WELLS, Herbert George (Wells Herbert George)( English writer.)
Comments for WELLS, Herbert George (Wells Herbert George)
Biography WELLS, Herbert George (Wells Herbert George)
Born September 21, 1866 in Bromley, a suburb of London. His father was a shopkeeper and a professional bat, his mother a housekeeper. Educated in the classical school Midherst and at Kings College, London University. After an apprenticeship at the merchant textiles and work in the pharmacy visited a teacher in a school, a teacher of the exact sciences and assistant to T. H. Huxley, in 1893, professionally engaged in journalism.
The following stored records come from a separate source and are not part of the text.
(* Let $A,B:\mathcal K\to\mathcal K$ be linear maps such that $(A,B):\mathcal K\oplus\mathcal K\to\mathcal K$ has rank $\dim\mathcal K$ and $AB^\dagger$ is self-adjoint. Assume that $\det(A-\varkappa B)\neq0$ for some $\varkappa>0$. Then $\mathfrak S(i\varkappa;A,B)$ is self-adjoint. If $L\leq0$, then $\mathfrak S(i\varkappa;A,B)$ is a contraction for all $\varkappa>0$.
   Context: $\mathcal K$ is a finite-dimensional complex Hilbert space. For $\mathsf k\in\mathbb C$ with $\det(A+i\mathsf kB)\neq0$, $\mathfrak S(\mathsf k;A,B)=-(A+i\mathsf kB)^{-1}(A-i\mathsf kB)$; in particular $\mathfrak S(i\varkappa;A,B)=-(A-\varkappa B)^{-1}(A+\varkappa B)$. $P_{\ker B}$ denotes the orthogonal projection onto $\ker B$, $P^\perp_{\ker B}=\mathbb I-P_{\ker B}$, and $L=(B|_{\operatorname{Ran}B^\dagger})^{-1}AP^\perp_{\ker B}$, a self-adjoint operator on $\mathcal K$. *)

(* finite-dimensional complex Hilbert space K = C^n (column vectors),
   C an arbitrary numClosedFieldType (e.g. complex numbers), linear maps = 'M[C]_n. *)
From Stdlib Require Import ClassicalEpsilon.
From mathcomp Require Import all_boot all_order all_algebra.
Set Implicit Arguments. Unset Strict Implicit. Unset Printing Implicit Defensive.
Import Order.TTheory GRing.Theory Num.Theory.
Local Open Scope ring_scope.
Local Open Scope sesquilinear_scope.

Section Defs.
Context {C : numClosedFieldType}.

(* inner product <u, v> = sum_i u_i * conj (v_i) on column vectors *)
Definition cdot n (u v : 'cV[C]_n) : C := dotmx u^T v^T.

Definition adj m n (M : 'M[C]_(m, n)) : 'M[C]_(n, m) := M ^t*.

Definition selfadj n (M : 'M[C]_n) : Prop := adj M = M.

Definition contraction n (S : 'M[C]_n) : Prop :=
  forall v : 'cV[C]_n, cdot (S *m v) (S *m v) <= cdot v v.

Definition nonpos_op n (L : 'M[C]_n) : Prop :=
  forall v : 'cV[C]_n, cdot (L *m v) v <= 0.

Definition is_orth_proj_ker n (B P : 'M[C]_n) : Prop :=
  forall v : 'cV[C]_n, B *m (P *m v) = 0 /\
    (forall w : 'cV[C]_n, B *m w = 0 -> cdot (v - P *m v) w = 0).

Definition Pker n (B : 'M[C]_n) : 'M[C]_n :=
  epsilon (inhabits 0) (is_orth_proj_ker B).

Definition Pker_perp n (B : 'M[C]_n) : 'M[C]_n := 1%:M - Pker B.

(* L = (B|_{Ran B^dagger})^{-1} A P^perp_{ker B}: for every v, L v lies in
   Ran B^dagger and B (L v) = A P^perp v *)
Definition is_Lop n (A B L : 'M[C]_n) : Prop :=
  forall v : 'cV[C]_n,
    (exists u : 'cV[C]_n, L *m v = adj B *m u) /\
    B *m (L *m v) = A *m (Pker_perp B *m v).

Definition Lop n (A B : 'M[C]_n) : 'M[C]_n :=
  epsilon (inhabits 0) (is_Lop A B).

Definition Smat n (k : C) (A B : 'M[C]_n) : 'M[C]_n :=
  - (invmx (A + ('i * k) *: B) *m (A - ('i * k) *: B)).

End Defs.

(** The boundary conditions [(A, B)] are dissipative: [0 <= <phi, psi>] whenever
    [A phi + B psi = 0].  Indeed, the rank condition and the self-adjointness of
    [A B^dagger] force [(phi, psi) = (B^dagger u, - A^dagger u)], and then
    [<phi, psi> = - <A B^dagger u, u> = - <L B^dagger u, B^dagger u> >= 0].
    Writing [y = S(i kappa) v], we get [A (v + y) + B (kappa (v - y)) = 0], hence
    [0 <= kappa <v + y, v - y>], whose real part is [kappa (|v|^2 - |y|^2)];
    likewise [A x = kappa B x] gives [0 <= - kappa |x|^2], so [A - kappa B]
    is injective.
    Self-adjointness of [S(i kappa)] is the identity
    [(A - kappa B)(A + kappa B)^dagger = (A + kappa B)(A - kappa B)^dagger]. *)

From Stdlib Require Import ClassicalEpsilon.
From mathcomp Require Import all_boot all_order all_algebra zify ring.
Import Order.TTheory GRing.Theory Num.Theory.
Set Implicit Arguments. Unset Strict Implicit. Unset Printing Implicit Defensive.
Local Open Scope ring_scope.
Local Open Scope sesquilinear_scope.

Section KernelRange.
Variable F : fieldType.

Lemma submx_of_ker m p n (W : 'M[F]_(m, n)) (B : 'M[F]_(p, n)) :
  (forall x : 'cV_n, B *m x = 0 -> W *m x = 0) -> (W <= B)%MS.
Proof.
move=> kerBW; rewrite submxE; apply/eqP/matrixP => i j.
have colWX : col j (W *m cokermx B) = 0.
  by rewrite colE -mulmxA -colE kerBW // colE mulmxA mulmx_coker mul0mx.
by have /matrixP/(_ i 0) := colWX; rewrite !mxE.
Qed.

Lemma ker_sub_range m p k (K : 'M[F]_(m, p)) (N : 'M[F]_(p, k)) :
  K *m N = 0 -> (p <= \rank K + \rank N)%N ->
  forall x : 'cV_p, K *m x = 0 -> exists u, x = N *m u.
Proof.
move=> KN0 rankKN x Kx0.
have NkerK : (N^T <= kermx K^T)%MS.
  by apply/sub_kermxP; rewrite -trmx_mul KN0 trmx0.
have kerKN : (kermx K^T <= N^T)%MS.
  have := mxrankS NkerK.
  by rewrite -(mxrank_leqif_sup NkerK) mxrank_ker !mxrank_tr; lia.
have xkerK : (x^T <= kermx K^T)%MS.
  by apply/sub_kermxP; rewrite -trmx_mul Kx0 trmx0.
have /submxP[u xE] := submx_trans xkerK kerKN.
by exists u^T; rewrite -[x]trmxK xE trmx_mul trmxK.
Qed.

Lemma det_neq0_of_ker0 n (M : 'M[F]_n) :
  (forall x : 'cV_n, M *m x = 0 -> x = 0) -> \det M != 0.
Proof.
move=> ker0; rewrite -det_tr; apply/negP => /det0P[v v_neq0 vM0].
have /eqP : v^T = 0 by apply: ker0; rewrite -[M]trmxK -trmx_mul vM0 trmx0.
by rewrite trmx_eq0 (negbTE v_neq0).
Qed.

End KernelRange.

Section ConjugateTranspose.
Variables (C : numClosedFieldType) (m n p : nat).
Implicit Types (M N : 'M[C]_(m, n)).

Lemma trmxC_mul M (P : 'M[C]_(n, p)) : (M *m P)^t* = P^t* *m M^t*.
Proof. by rewrite trmx_mul map_mxM. Qed.

Lemma trmxCD M N : (M + N)^t* = M^t* + N^t*.
Proof. by rewrite linearD map_mxD. Qed.

Lemma trmxCN M : (- M)^t* = - M^t*.
Proof. by rewrite linearN map_mxN. Qed.

Lemma trmxCB M N : (M - N)^t* = M^t* - N^t*.
Proof. by rewrite trmxCD trmxCN. Qed.

Lemma trmxCZ a M : (a *: M)^t* = a^* *: M^t*.
Proof. by rewrite linearZ map_mxZ. Qed.

End ConjugateTranspose.

Section InnerProduct.
Variables (C : numClosedFieldType) (n : nat).
Implicit Types (u v w : 'cV[C]_n) (M : 'M[C]_n).

Lemma cdotE u v : cdot u v = (v^t* *m u) 0 0.
Proof. by rewrite /cdot dotmxE !mxE; apply: eq_bigr => i _; rewrite !mxE mulrC. Qed.

Lemma cdot_ge0 u : 0 <= cdot u u.
Proof. exact: dnorm_ge0. Qed.

Lemma cdot_eq0 u : (cdot u u == 0) = (u == 0).
Proof. by rewrite /cdot dnorm_eq0 trmx_eq0. Qed.

Lemma cdotC u v : (cdot u v)^* = cdot v u.
Proof. by rewrite /cdot hermC /= expr0 mul1r conjCK. Qed.

Lemma cdotDl u v w : cdot (u + v) w = cdot u w + cdot v w.
Proof. by rewrite /cdot linearD linearDl. Qed.

Lemma cdotBl u v w : cdot (u - v) w = cdot u w - cdot v w.
Proof. by rewrite /cdot linearB linearBl. Qed.

Lemma cdotDr u v w : cdot u (v + w) = cdot u v + cdot u w.
Proof. by rewrite /cdot linearD linearDr. Qed.

Lemma cdotBr u v w : cdot u (v - w) = cdot u v - cdot u w.
Proof. by rewrite /cdot linearB linearBr. Qed.

Lemma cdotNr u v : cdot u (- v) = - cdot u v.
Proof. by rewrite /cdot linearN linearNr. Qed.

Lemma cdotZr a u v : cdot u (a *: v) = a^* * cdot u v.
Proof. by rewrite /cdot linearZ linearZr. Qed.

Lemma cdot0r u : cdot u 0 = 0.
Proof. by rewrite /cdot trmx0 linear0r. Qed.

Lemma cdot_mulmxl M u v : cdot (M *m u) v = cdot u (M^t* *m v).
Proof. by rewrite !cdotE trmxC_mul trmxCK mulmxA. Qed.

Lemma cdot_polar u v :
  cdot (u + v) (u - v) + cdot (u - v) (u + v) = (cdot u u - cdot v v) *+ 2.
Proof. by rewrite !(cdotBl, cdotDl, cdotBr, cdotDr); ring. Qed.

End InnerProduct.

Section KerProjection.
Variables (C : numClosedFieldType) (n : nat) (B : 'M[C]_n).
Implicit Types u v : 'cV[C]_n.

Lemma orth_proj_ker_exists : exists P, is_orth_proj_ker B P.
Proof.
(* The rows of [kermx B^T] are the transposes of the vectors of [ker B]. *)
pose Q := proj_ortho (kermx B^T); exists Q^T => v; split.
  have /sub_kermxP := proj_ortho_sub (kermx B^T) v^T.
  by move/(congr1 trmx); rewrite !trmx_mul !trmxK trmx0 mulmxA.
move=> w Bw0; have /submxP[D wE] : (w^T <= kermx B^T)%MS.
  by apply/sub_kermxP; rewrite -trmx_mul Bw0 trmx0.
have /orthomx1P vQ_orth := proj_ortho_compl_sub (kermx B^T) v^T.
rewrite /cdot dotmxE wE trmxC_mul linearB /= trmx_mul trmxK.
by rewrite mulmxA vQ_orth mul0mx mxE.
Qed.

Lemma Pker_spec : is_orth_proj_ker B (Pker B).
Proof. by apply: epsilon_spec; exact: orth_proj_ker_exists. Qed.

Lemma mulmx_Pker_perp v : B *m (Pker_perp B *m v) = B *m v.
Proof.
have [BPv0 _] := Pker_spec v.
by rewrite /Pker_perp mulmxBl mul1mx mulmxBr BPv0 subr0.
Qed.

Lemma Pker_perp_adj u : Pker_perp B *m (B^t* *m u) = B^t* *m u.
Proof.
set v := B^t* *m u; have [BPv0 Pv_orth] := Pker_spec v.
have v_orth : cdot v (Pker B *m v) = 0.
  by rewrite cdot_mulmxl trmxCK BPv0 cdot0r.
have : cdot (Pker B *m v) (Pker B *m v) = 0.
  rewrite -{1}[Pker B *m v](subKr v).
  by rewrite cdotBl v_orth Pv_orth // subrr.
move/eqP; rewrite cdot_eq0 => /eqP Pv0.
by rewrite /Pker_perp mulmxBl mul1mx Pv0 subr0.
Qed.

Lemma Pker_perp_range : exists H, Pker_perp B = B^t* *m H.
Proof.
have /submxP[D PE] : ((Pker_perp B)^t* <= B)%MS.
  apply: submx_of_ker => x Bx0; set y := (Pker_perp B)^t* *m x.
  have : cdot (Pker_perp B *m y) x = 0.
    by have [_ orth] := Pker_spec y; rewrite /Pker_perp mulmxBl mul1mx orth.
  by rewrite cdot_mulmxl => /eqP; rewrite cdot_eq0 => /eqP.
by exists (D^t*); rewrite -[Pker_perp B]trmxCK PE trmxC_mul.
Qed.

End KerProjection.

Definition dissipative (C : numClosedFieldType) n (A B : 'M[C]_n) :=
  forall phi psi : 'cV[C]_n, A *m phi + B *m psi = 0 -> 0 <= cdot phi psi.

Section BoundaryConditions.
Variables (C : numClosedFieldType) (n : nat) (A B : 'M[C]_n).
Hypothesis AB_herm : A *m B^t* = B *m A^t*.

Lemma Lop_spec : is_Lop A B (Lop A B).
Proof.
apply: epsilon_spec; have [H PE] := Pker_perp_range B.
exists (Pker_perp B *m A^t* *m H) => v; split.
  by exists (H *m A^t* *m H *m v); rewrite /adj {1}PE !mulmxA.
by rewrite -!mulmxA mulmx_Pker_perp mulmxA -AB_herm PE !mulmxA.
Qed.

Lemma cdot_Lop_adj u :
  cdot (Lop A B *m (B^t* *m u)) (B^t* *m u) = cdot (A *m (B^t* *m u)) u.
Proof.
by have [_ BL] := Lop_spec (B^t* *m u); rewrite -cdot_mulmxl BL Pker_perp_adj.
Qed.

Hypothesis AB_rank : \rank (row_mx A B) = n.

Lemma ker_row_mx_adj (phi psi : 'cV[C]_n) : A *m phi + B *m psi = 0 ->
  exists u : 'cV_n, phi = B^t* *m u /\ psi = - (A^t* *m u).
Proof.
move=> ABz; pose N := col_mx (B^t*) (- A^t*).
have rankN : (n <= \rank N)%N.
  have -> : N = (row_mx B (- A))^t*.
    by rewrite tr_row_mx map_col_mx trmxCN.
  rewrite mxrank_map mxrank_tr -{1}AB_rank.
  have <- : row_mx B (- A) *m block_mx 0 1%:M (- 1%:M) 0 = row_mx A B.
    by rewrite mul_row_block !mulmx0 mulmxN mulNmx opprK !mulmx1 add0r addr0.
  exact: mxrankM_maxl.
have [|||u] := @ker_sub_range _ _ _ _ (row_mx A B) N _ _ (col_mx phi psi).
- by rewrite mul_row_col mulmxN AB_herm subrr.
- by rewrite AB_rank leq_add2l.
- by rewrite mul_row_col.
by rewrite mul_col_mx mulNmx => /eq_col_mx[-> ->]; exists u.
Qed.

Lemma dissipative_of_Lop_nonpos : nonpos_op (Lop A B) -> dissipative A B.
Proof.
move=> L_nonpos phi psi /ker_row_mx_adj[u [-> ->]].
by rewrite cdotNr -cdot_mulmxl -cdot_Lop_adj oppr_ge0.
Qed.

End BoundaryConditions.

Lemma Smat_iE (C : numClosedFieldType) n (A B : 'M[C]_n) k :
  Smat ('i * k) A B = - (invmx (A - k *: B) *m (A + k *: B)).
Proof. by rewrite /Smat mulrA mulCii mulN1r !scaleNr opprK. Qed.

Lemma selfadj_invmx_mul (C : numClosedFieldType) n (M N : 'M[C]_n) :
  M \in unitmx -> M *m N^t* = N *m M^t* -> selfadj (invmx M *m N).
Proof.
move=> Mu MN; rewrite /selfadj /adj trmxC_mul trmx_inv map_invmx.
have Mtu : M^t* \in unitmx by rewrite map_unitmx unitmx_tr.
by apply: (canLR (mulmxK Mtu)); rewrite -mulmxA -MN mulKmx.
Qed.

Lemma Smat_selfadj (C : numClosedFieldType) n (A B : 'M[C]_n) k :
  A *m B^t* = B *m A^t* -> k \is Num.real -> \det (A - k *: B) != 0 ->
  selfadj (Smat ('i * k) A B).
Proof.
move=> AB_herm k_real detk; rewrite Smat_iE /selfadj /adj trmxCN.
congr (- _); apply: selfadj_invmx_mul; first by rewrite unitmxE unitfE.
rewrite trmxCD trmxCB !trmxCZ conj_Creal //.
rewrite !(mulmxDl, mulmxDr, mulNmx, mulmxN).
by rewrite -!scalemxAl -!scalemxAr AB_herm !addrA addrK subrK.
Qed.

Section Dissipative.
Variables (C : numClosedFieldType) (n : nat) (A B : 'M[C]_n).
Hypothesis AB_diss : dissipative A B.

Lemma det_sub_scale_neq0 k : 0 < k -> \det (A - k *: B) != 0.
Proof.
move=> k_gt0; apply: det_neq0_of_ker0 => x ABx0.
have : 0 <= cdot x (- k *: x).
  by apply: AB_diss; rewrite -scalemxAr scaleNr scalemxAl -mulmxBl ABx0.
rewrite cdotZr rmorphN /= conj_Creal ?gtr0_real // mulNr oppr_ge0 pmulr_rle0 //.
by move=> x_le0; apply/eqP; rewrite -cdot_eq0 eq_le x_le0 cdot_ge0.
Qed.

Lemma Smat_contraction k : 0 < k -> contraction (Smat ('i * k) A B).
Proof.
move=> k_gt0 v; rewrite Smat_iE; set y := _ *m v.
have ABz : A *m (v + y) + B *m (k *: (v - y)) = 0.
  have Mu : A - k *: B \in unitmx by rewrite unitmxE unitfE det_sub_scale_neq0.
  have My : (A - k *: B) *m y = - ((A + k *: B) *m v).
    by rewrite /y mulNmx mulmxN -!mulmxA mulKVmx.
  rewrite mulmxDr -scalemxAr scalemxAl mulmxBr addrACA -mulmxDl -mulmxBl.
  by rewrite My addrN.
have X_ge0 : 0 <= cdot (v + y) (v - y).
  by have := AB_diss ABz; rewrite cdotZr conj_Creal ?gtr0_real // pmulr_rge0.
have X_polar : cdot (v + y) (v - y) *+ 2 = (cdot v v - cdot y y) *+ 2.
  by rewrite -cdot_polar -(cdotC (v + y)) (geC0_conj X_ge0) mulr2n.
by rewrite -subr_ge0 -(pmulrn_lge0 _ (isT : (0 < 2)%N)) -X_polar mulrn_wge0.
Qed.

End Dissipative.

Theorem corollary2p5 (C : numClosedFieldType) (n : nat) (A B : 'M[C]_n) (kappa0 : C) :
  \rank (row_mx A B) = n ->
  selfadj (A *m adj B) ->
  0 < kappa0 ->
  \det (A - kappa0 *: B) != 0 ->
  selfadj (Smat ('i * kappa0) A B) /\
  (nonpos_op (Lop A B) ->
   forall kappa : C, 0 < kappa ->
     \det (A - kappa *: B) != 0 /\ contraction (Smat ('i * kappa) A B)).
Proof.
move=> AB_rank AB_selfadj kappa0_gt0 det0.
have AB_herm : A *m B^t* = B *m A^t*.
  by move: AB_selfadj; rewrite /selfadj /adj trmxC_mul trmxCK => ->.
split; first exact: Smat_selfadj AB_herm (gtr0_real kappa0_gt0) det0.
move=> L_nonpos kappa kappa_gt0.
have AB_diss := dissipative_of_Lop_nonpos AB_herm AB_rank L_nonpos.
by split; [exact: det_sub_scale_neq0 | exact: Smat_contraction].
Qed.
Throughout his creative life (since 1895) HG Wells wrote about. 40 novels and many volumes of short stories, . more than a dozen of polemical essays on philosophical issues and about the same amount of work on the restructuring of society, . two world stories, . about 30 volumes with the political and social forecasts, . More than 30 brochures on the topic of the Fabian Society, . arming, . nationalism, . world peace, etc., . 3 books for children and an autobiography,
His first attempt in an artistic way the novel was The Time Machine (The Time Machine, 1895) - inventor of the journey in the distant future. This was followed by The Island of Dr. Moreau (The Island of Dr. Moreau, . 1896), . The Invisible Man (The Invisible Man, . 1897), . War of the Worlds (The War of the Worlds, . 1898), . The First Men in the Moon (The First Men in the Moon, . 1901), . telling, . respectively, . of transplantation of human organs by wild beasts, . of invisibility, . Martians invade the earth and travel to the moon,
. These novels provided the glory of the most significant writer of the experimenter in the genre of science fiction and showed his ability to make plausible the most daring fiction. Later in the works of this kind, such as in the novel World released (The World Set Free, 1914), he combined scientific credibility to the political predictions about the coming world state. The thesis of science, . able to create a world state, . in which a person can reasonably enjoy their inventions, . enthusiastically repeated in all the books of Wells, . However, his optimism, . hitherto unlimited, . crushed the Second World War, . whereupon he gave vent to frustration and in the book Mind at the edge of his stretched bridle (Mind at the End of Its Tether, . 1945) predicted the extinction of mankind,
. In the more 'literary' writer, his work shows exceptional talent in the depiction of characters and the construction of the plot, . seasoned narrative humor, . but sometimes the plot displace arguments about science, . lectures on all conceivable subjects, . feedback on topical events, . so, . on its own assessment, . few of his works contain elements, . guarantee their longevity, including those Love and Mr Luis (Love and Mr,
. Lewisham, 1900), Kipps (Kipps, 1905), Ann Veronica (Ann Veronica, 1909), Tono-Bangui (Tono-Bungay, 1909), History of Mr. Polly (The History of Mr. Polly, 1910), New Machiavelli (The New Machiavelli, 1911), Vzyskuemoe splendor (The Research Magnificent, 1915), Insight lord Britlinga (Mr. Britling Sees It Through, 1916), Joan and Peter (Joan and Peter, 1918), The World of William Klissolda (The World of William Clissold, 1926) - all of them in some degree autobiographical. Wells confessed, . that the only book, . which claimed the most important ideas of his life, . With this we are creating with their lives? (What Are We to Do With Our Lives? 1931), . and most important their work is considered Labor, . wealth and happiness of the human race (The Work, . Wealth, . and Happiness of Mankind, . 1932),
. However, the wide readership he made his way through the book Essay on the History (The Outline of History, 1920), for many years remained in the bestseller lists.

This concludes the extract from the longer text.